● DATASET EXTRACT:

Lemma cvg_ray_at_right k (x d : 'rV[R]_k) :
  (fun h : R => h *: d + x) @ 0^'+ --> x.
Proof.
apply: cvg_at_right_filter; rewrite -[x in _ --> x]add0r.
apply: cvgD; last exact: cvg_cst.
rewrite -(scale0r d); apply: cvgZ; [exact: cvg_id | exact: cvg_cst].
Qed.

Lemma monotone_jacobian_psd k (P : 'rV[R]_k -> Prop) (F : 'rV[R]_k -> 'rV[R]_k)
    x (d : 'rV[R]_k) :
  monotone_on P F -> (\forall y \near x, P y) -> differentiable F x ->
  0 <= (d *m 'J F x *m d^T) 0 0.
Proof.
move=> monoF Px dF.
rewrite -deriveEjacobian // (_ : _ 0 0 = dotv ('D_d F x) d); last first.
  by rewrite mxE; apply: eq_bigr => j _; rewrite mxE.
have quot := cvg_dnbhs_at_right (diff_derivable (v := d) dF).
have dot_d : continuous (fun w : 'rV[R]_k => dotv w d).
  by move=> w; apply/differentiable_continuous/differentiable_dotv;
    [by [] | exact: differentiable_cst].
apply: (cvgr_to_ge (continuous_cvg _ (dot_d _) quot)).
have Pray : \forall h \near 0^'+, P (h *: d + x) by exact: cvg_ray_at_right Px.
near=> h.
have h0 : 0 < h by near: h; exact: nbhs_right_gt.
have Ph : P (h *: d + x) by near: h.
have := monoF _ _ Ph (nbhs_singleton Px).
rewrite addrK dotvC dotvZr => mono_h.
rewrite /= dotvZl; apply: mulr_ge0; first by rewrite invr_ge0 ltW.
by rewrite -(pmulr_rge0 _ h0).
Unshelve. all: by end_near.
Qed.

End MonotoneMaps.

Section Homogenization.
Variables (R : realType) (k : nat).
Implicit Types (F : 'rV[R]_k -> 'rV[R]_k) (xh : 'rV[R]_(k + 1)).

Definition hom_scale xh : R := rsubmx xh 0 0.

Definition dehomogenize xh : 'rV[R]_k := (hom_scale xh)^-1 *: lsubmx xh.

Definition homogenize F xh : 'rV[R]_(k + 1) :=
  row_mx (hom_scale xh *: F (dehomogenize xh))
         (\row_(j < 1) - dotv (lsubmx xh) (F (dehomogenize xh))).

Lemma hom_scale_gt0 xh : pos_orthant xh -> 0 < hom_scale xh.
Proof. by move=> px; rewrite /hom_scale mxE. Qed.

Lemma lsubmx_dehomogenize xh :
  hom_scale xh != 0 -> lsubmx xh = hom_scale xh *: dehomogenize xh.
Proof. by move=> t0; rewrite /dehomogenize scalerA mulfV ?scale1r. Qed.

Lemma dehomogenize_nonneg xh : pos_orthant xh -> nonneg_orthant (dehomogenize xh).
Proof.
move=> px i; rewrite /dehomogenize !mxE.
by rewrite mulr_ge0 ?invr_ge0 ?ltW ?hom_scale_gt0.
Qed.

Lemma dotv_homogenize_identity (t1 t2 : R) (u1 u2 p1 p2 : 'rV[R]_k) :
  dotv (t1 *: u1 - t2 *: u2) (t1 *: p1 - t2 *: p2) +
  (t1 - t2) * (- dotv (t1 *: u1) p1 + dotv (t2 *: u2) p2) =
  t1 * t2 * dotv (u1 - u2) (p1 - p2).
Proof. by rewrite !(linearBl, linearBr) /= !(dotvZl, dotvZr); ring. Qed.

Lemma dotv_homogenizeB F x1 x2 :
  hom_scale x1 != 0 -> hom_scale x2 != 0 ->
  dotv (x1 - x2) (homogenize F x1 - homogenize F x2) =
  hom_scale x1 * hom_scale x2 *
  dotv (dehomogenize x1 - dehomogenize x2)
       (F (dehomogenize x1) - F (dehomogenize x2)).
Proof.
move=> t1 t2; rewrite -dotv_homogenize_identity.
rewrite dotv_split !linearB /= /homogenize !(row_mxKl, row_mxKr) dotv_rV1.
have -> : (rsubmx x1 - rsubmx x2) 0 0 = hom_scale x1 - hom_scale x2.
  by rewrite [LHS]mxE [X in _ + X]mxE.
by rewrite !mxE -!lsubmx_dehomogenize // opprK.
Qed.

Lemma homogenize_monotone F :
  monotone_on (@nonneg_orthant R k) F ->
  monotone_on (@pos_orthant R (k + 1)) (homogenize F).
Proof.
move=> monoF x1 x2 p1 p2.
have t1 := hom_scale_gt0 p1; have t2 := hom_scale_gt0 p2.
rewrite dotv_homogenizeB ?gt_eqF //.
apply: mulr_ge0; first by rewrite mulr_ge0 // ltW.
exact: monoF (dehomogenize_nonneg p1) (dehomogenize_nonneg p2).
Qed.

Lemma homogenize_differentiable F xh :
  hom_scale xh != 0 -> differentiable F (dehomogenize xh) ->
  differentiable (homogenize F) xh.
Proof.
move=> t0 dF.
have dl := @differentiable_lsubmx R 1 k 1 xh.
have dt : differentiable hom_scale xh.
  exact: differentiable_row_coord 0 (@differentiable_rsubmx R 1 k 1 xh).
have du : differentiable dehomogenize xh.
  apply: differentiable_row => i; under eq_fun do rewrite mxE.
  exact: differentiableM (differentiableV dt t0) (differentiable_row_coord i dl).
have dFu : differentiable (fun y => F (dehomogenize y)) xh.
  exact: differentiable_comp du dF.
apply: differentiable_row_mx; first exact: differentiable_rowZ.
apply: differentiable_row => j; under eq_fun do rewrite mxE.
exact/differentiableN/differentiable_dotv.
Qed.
==
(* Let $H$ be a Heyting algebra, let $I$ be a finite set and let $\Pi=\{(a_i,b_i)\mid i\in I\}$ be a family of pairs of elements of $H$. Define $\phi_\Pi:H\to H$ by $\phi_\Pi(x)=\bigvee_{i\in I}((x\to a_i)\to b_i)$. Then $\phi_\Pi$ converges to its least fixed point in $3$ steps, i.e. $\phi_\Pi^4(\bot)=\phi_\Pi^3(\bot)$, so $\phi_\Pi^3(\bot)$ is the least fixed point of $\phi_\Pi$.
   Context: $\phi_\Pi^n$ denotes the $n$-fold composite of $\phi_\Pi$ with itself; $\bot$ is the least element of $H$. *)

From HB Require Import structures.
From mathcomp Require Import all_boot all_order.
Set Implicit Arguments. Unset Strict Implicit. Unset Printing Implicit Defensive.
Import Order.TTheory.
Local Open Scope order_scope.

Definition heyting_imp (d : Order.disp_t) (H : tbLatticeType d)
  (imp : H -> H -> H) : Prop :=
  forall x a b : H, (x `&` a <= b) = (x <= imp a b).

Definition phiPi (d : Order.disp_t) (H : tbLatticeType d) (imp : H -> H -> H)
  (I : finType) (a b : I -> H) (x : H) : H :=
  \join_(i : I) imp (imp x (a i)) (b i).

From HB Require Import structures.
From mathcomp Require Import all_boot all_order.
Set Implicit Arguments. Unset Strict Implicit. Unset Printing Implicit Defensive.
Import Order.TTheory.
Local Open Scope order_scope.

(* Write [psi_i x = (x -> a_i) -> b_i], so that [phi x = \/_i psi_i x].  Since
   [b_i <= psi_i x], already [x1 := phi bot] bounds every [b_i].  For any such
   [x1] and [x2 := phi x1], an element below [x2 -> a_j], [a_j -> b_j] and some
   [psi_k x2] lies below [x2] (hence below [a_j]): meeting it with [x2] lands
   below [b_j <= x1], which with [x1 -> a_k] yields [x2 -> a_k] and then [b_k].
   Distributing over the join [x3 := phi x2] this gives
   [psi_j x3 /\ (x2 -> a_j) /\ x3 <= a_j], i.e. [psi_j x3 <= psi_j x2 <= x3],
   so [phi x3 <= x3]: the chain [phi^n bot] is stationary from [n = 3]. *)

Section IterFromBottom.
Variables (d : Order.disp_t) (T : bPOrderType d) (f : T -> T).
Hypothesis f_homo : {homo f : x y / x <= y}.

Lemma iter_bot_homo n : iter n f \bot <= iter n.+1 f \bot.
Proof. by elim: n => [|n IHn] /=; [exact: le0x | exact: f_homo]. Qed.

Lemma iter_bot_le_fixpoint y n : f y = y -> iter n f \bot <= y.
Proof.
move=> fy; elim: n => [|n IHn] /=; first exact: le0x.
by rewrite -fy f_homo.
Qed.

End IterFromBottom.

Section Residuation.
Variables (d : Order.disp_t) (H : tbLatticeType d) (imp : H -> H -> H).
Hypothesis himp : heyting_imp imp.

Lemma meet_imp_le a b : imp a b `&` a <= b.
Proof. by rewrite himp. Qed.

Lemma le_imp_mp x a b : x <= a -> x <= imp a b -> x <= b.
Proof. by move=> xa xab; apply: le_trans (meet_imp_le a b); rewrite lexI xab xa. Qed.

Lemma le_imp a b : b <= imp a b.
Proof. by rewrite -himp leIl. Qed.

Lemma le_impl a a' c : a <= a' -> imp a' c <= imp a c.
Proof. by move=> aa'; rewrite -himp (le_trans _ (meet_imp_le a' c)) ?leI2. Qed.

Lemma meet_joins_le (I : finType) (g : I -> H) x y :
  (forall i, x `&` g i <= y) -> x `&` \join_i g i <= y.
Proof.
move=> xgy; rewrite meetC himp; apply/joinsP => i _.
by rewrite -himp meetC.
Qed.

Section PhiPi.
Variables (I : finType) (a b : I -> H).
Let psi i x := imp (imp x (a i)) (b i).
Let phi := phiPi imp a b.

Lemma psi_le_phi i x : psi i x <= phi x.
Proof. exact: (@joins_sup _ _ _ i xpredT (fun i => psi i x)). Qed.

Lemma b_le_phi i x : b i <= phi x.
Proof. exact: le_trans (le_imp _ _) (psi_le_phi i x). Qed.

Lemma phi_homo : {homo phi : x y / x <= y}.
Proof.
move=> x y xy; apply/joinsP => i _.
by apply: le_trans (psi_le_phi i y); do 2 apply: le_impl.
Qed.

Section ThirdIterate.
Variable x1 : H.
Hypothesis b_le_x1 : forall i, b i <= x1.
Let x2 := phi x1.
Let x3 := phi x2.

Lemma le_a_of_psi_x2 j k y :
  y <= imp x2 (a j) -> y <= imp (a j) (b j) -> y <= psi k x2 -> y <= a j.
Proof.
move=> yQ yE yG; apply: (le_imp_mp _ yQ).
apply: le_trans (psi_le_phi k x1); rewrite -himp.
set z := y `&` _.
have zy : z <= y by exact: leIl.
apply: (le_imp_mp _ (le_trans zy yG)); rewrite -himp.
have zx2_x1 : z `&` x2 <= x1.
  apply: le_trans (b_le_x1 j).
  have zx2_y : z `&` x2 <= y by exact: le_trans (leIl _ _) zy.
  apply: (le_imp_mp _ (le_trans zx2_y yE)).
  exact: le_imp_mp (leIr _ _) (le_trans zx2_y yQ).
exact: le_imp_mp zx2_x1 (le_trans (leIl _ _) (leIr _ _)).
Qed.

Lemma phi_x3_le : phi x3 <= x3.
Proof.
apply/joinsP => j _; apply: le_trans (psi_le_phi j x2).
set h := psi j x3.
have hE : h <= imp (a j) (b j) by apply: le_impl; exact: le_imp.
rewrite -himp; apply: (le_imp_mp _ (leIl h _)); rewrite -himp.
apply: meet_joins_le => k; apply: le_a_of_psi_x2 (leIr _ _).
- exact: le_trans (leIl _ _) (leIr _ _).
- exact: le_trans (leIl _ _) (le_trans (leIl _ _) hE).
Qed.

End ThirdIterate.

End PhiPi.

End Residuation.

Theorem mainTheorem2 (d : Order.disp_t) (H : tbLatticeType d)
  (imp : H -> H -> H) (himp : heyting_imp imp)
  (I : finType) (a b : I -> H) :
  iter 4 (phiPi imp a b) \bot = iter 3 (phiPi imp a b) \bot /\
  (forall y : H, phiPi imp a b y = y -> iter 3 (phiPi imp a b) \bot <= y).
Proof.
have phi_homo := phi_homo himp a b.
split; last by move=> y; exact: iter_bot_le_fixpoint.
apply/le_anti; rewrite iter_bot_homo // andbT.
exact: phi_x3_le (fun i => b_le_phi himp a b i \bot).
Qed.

● TASK REQUIREMENTS: Say how many lines of the entries hold the string "dotvZr". Nothing but the number should be given.

● TASK OUTPUT: 2